## Requirement:
Determine how many lines in the entries below include the word "Hypothesis", and reply with that number alone.

## Exercise data:
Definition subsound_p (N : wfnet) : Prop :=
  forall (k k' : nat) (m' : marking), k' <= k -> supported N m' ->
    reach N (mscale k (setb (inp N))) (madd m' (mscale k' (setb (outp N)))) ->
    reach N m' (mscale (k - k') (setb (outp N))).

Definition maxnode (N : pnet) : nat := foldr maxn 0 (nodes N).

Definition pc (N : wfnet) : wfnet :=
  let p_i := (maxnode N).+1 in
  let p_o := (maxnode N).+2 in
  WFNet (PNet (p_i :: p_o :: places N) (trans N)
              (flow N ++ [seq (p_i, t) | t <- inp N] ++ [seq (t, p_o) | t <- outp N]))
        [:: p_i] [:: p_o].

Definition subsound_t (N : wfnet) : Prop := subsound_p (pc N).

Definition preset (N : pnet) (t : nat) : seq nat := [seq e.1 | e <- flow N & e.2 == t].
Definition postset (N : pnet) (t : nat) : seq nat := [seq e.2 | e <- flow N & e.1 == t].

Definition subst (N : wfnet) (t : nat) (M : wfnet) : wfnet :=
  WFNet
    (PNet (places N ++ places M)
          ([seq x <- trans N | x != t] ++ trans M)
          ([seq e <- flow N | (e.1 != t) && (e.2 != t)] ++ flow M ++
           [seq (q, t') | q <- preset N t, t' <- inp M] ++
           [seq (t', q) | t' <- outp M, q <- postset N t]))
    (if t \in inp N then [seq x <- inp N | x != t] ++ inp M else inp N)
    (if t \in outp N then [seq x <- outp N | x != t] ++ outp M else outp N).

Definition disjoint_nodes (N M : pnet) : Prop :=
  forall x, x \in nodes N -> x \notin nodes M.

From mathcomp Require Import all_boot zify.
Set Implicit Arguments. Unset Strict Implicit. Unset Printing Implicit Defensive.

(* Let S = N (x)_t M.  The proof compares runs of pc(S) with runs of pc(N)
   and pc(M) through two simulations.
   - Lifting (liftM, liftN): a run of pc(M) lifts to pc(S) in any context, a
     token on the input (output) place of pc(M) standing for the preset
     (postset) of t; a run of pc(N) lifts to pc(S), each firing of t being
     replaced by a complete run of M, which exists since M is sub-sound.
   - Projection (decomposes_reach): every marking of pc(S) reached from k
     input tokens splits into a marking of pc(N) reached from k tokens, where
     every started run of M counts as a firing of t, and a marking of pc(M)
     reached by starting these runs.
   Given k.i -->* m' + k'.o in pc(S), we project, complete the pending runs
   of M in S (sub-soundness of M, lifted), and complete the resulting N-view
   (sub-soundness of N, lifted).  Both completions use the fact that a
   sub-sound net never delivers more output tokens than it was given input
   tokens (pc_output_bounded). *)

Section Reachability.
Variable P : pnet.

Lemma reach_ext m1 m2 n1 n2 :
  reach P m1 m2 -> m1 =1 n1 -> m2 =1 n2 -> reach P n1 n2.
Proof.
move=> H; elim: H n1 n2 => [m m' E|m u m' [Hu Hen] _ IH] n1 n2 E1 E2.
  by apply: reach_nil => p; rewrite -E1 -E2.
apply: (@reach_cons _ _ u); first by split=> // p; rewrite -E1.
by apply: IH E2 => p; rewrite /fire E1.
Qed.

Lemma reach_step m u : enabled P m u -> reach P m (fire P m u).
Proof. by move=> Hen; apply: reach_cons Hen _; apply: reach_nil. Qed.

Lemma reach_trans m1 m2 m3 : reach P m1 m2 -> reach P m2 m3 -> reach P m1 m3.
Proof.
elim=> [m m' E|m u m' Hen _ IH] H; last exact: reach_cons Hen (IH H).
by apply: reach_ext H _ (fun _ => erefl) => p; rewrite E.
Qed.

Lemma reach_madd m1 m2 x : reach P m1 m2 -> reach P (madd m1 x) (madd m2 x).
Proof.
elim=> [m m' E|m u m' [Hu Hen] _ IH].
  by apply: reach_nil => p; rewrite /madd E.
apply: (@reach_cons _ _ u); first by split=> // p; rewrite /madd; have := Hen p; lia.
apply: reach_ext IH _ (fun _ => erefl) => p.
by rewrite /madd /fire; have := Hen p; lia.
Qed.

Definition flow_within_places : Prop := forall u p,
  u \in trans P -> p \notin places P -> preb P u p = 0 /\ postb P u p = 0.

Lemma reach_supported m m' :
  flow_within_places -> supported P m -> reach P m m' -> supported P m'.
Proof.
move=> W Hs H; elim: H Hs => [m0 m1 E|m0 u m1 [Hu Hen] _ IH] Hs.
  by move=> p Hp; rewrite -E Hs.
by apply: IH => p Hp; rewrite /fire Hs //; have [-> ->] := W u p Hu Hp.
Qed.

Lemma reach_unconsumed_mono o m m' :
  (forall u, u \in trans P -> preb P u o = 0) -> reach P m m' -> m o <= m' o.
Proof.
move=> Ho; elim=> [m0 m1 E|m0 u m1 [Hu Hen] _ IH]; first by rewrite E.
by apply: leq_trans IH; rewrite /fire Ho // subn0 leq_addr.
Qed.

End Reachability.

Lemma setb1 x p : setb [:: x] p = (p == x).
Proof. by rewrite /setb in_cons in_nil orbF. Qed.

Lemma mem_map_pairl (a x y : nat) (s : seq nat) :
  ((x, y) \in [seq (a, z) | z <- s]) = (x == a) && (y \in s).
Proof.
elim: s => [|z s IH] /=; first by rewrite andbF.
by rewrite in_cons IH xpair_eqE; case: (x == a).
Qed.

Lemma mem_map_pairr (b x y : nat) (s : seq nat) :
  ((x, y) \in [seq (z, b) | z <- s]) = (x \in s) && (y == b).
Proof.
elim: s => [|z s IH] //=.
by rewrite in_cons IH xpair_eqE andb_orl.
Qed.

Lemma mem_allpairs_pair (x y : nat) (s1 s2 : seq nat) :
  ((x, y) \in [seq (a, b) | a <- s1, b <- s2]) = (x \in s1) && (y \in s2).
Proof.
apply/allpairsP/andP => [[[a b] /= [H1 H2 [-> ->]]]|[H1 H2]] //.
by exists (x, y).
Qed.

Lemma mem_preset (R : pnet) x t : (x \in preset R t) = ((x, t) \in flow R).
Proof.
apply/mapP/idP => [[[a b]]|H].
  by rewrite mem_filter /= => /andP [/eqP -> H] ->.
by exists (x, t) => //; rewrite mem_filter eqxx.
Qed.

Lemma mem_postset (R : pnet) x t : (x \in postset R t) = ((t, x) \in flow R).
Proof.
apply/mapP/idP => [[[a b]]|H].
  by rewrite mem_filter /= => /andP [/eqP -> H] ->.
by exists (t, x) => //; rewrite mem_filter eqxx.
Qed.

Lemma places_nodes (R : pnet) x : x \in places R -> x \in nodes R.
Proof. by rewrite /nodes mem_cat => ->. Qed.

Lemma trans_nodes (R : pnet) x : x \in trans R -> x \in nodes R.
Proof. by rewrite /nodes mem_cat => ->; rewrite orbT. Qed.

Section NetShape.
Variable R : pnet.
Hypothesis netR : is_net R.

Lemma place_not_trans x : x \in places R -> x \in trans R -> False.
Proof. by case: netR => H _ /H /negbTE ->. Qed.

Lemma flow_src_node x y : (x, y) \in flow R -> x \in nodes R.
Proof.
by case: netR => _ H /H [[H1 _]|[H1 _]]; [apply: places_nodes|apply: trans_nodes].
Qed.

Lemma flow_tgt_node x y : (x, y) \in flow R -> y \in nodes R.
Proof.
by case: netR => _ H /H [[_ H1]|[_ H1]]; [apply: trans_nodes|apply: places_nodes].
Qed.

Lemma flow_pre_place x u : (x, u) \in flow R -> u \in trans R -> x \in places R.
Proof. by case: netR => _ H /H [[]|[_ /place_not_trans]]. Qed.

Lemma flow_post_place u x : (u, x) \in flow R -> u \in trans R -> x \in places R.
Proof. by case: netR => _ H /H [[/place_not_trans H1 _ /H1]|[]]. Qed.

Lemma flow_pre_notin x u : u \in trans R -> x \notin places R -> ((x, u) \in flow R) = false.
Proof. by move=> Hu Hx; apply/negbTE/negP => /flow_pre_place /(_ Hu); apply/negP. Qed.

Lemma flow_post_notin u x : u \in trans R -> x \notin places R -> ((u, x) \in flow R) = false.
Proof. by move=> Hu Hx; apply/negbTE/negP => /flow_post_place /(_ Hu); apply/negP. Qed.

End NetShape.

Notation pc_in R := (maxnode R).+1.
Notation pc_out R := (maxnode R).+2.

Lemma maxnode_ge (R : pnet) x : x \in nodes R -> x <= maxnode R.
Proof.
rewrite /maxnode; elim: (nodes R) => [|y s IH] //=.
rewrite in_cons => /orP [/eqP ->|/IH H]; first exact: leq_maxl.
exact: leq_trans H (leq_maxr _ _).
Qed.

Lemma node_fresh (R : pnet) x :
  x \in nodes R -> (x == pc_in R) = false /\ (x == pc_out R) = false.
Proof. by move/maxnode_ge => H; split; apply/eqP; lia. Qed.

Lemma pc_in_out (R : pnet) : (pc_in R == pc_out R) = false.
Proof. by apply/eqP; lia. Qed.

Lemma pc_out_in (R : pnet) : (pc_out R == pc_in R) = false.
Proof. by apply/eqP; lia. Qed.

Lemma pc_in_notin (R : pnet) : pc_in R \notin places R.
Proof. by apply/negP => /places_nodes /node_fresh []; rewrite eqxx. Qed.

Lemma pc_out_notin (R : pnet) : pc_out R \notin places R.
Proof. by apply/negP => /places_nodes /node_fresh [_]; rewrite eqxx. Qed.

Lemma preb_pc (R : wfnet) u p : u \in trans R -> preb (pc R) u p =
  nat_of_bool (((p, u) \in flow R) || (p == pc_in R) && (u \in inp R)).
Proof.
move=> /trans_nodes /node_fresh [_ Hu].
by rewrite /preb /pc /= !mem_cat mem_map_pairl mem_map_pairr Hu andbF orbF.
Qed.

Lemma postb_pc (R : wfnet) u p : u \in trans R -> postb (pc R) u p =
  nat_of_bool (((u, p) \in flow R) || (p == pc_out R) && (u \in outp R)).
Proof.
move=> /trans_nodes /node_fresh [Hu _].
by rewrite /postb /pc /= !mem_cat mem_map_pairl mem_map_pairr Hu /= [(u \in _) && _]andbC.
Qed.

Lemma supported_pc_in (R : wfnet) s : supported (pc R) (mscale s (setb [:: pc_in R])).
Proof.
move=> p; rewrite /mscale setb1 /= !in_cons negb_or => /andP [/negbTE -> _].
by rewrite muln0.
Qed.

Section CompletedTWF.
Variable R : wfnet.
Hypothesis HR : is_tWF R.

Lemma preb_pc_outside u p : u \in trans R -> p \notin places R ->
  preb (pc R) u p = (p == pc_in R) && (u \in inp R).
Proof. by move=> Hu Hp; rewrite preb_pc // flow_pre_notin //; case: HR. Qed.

## Result:
2